Mi hermano menor consiguió trabajo en la Ciudad de México y se ha mudado, como era de esperarse, conmigo. Solo somos él y yo, en un departamento con dos habitaciones, comedor, cocina y baño. Ha sido difícil: antes de que llegara, había empezado a acostumbrarme a vivir sola. En algún momento compartí este lugar con mi expareja, y cuando se fue hice lo posible por estar fuera de casa la mayor parte del tiempo. Incluso, en un gesto de dramatismo innecesario, desconecté el refrigerador. Ya me estaba reconciliando con este espacio cuando, de un día para otro, mi hermano llegó desde Tlaxcala, nuestra ciudad natal, a dormir en el que era mi estudio, ocupar mis utensilios domésticos, llenar la mitad de mi clóset con su ropa.

Conforme se lleva tiempo viviendo sola se aprenden ciertos trucos: cómo evitar las plagas, quitar el cochambre de la estufa y el sarro del baño, la mejor hora para tender la ropa y otras formas de mantener la casa en un precario equilibrio de orden y limpieza. Mi sensación al principio era que mi hermano no conocía esas reglas y yo no quería explicarlas: sentía que eso implicaba hacerme cargo de él.

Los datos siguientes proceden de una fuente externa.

Lemma theory_bits_spec V e : theory_bits V (identity_code e) = true <-> theory V e.
Proof.
  unfold theory_bits.
  destruct (excluded_middle_informative _) as [[e' [he' hth]] | hno]; split; intro h.
  - apply identity_code_inj in he'; subst; exact hth.
  - reflexivity.
  - discriminate.
  - exfalso; apply hno; now exists e.
Qed.

Theorem theorem6p5 : subvarieties_K2_continuum.
Proof.
  split.
  - exists family; split; [exact family_subvariety | exact family_injective].
  - exists theory_bits; intros V W hV hW hbits.
    apply subvariety_K2_eq_theory; [exact hV | exact hW |].
    intro e; rewrite <- !theory_bits_spec, hbits; reflexivity.
Qed.
Theorem theorem13 (R : realType) (n : nat) (C : set 'rV[R]_n) (D : R)
  (f : 'rV[R]_n -> R) (gradf : 'rV[R]_n -> 'rV[R]_n) (L rho : R)
  (xstar : 'rV[R]_n) (lmo : 'rV[R]_n -> 'rV[R]_n)
  (K : nat) (delta : R) (eta : nat -> R) (minit : 'rV[R]_n)
  (m x : nat -> 'rV[R]_n) :
  (* C nonempty compact convex with Euclidean diameter D *)
  (exists c, C c) -> compact C -> convex_set C -> is_diameter C D ->
  (* f continuously differentiable with gradient gradf, L-Lipschitz on C *)
  (forall y, C y -> differentiable f y /\
     forall h, 'd f y h = inner (gradf y) h) ->
  {within C, continuous gradf} ->
  (forall y z, C y -> C z ->
     enorm (gradf y - gradf z) <= L * enorm (y - z)) ->
  (* rho-quasar-convexity w.r.t. a minimizer xstar of f on C *)
  0 < rho <= 1 ->
  C xstar -> (forall y, C y -> f xstar <= f y) ->
  (forall y, C y -> f xstar - f y >= rho^-1 * inner (gradf y) (xstar - y)) ->
  (* the algorithm *)
  is_lmo C lmo -> (1 <= K)%N -> 0 < delta <= 1 ->
  (forall t, 0 < eta t <= 1) ->
  x 0%N = lmo minit ->
  (forall t, x t.+1 = bsfw_step lmo K delta (eta t) (x t) (m t)) ->
  forall t,
    f (x t.+1) - f xstar <=
      (1 - rho * eta t) * (f (x t) - f xstar)
      + 2 * eta t * enorm (m t - gradf (x t)) * D
      + L / 2 * eta t ^+ 2 * D ^+ 2.
Proof.
move=> _ _ convC diamC gradfP _ gradf_lipschitz /andP[rho_gt0 _] Cxstar _ quasar
  lmoP _ /andP[delta_gt0 _] eta01 x0E xE.
have admissible t : C (x t) ->
    fw_admissible C lmo (x t) (m t) (eta t) (x t.+1).
  have /andP[eta_gt0 eta_le1] := eta01 t.
  by rewrite xE => Cxt; apply: bsfw_step_fw_admissible => //; apply: ltW.
have Cx t : C (x t).
  elim: t => [|t IH]; first by rewrite x0E; case: (lmoP minit).
  by case: (admissible t IH).
move=> t; have /andP[eta_gt0 _] := eta01 t.
exact: (fw_admissible_progress convC diamC gradfP gradf_lipschitz rho_gt0 Cxstar
  quasar lmoP (Cx t) (ltW eta_gt0) (admissible t (Cx t))).
Qed.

Cada tanto me descubro haciéndome cargo de la gente, sobre todo de mis parejas. Un cuidado que raya en la asfixia y que deja tan harta a la otra persona como a mí. Con el tiempo, me di cuenta de que este hábito se relaciona con la necesidad de sentirme apreciada por otros. A la par, desprecio mis propios asuntos: siempre parece más importante resolver la vida de otra persona.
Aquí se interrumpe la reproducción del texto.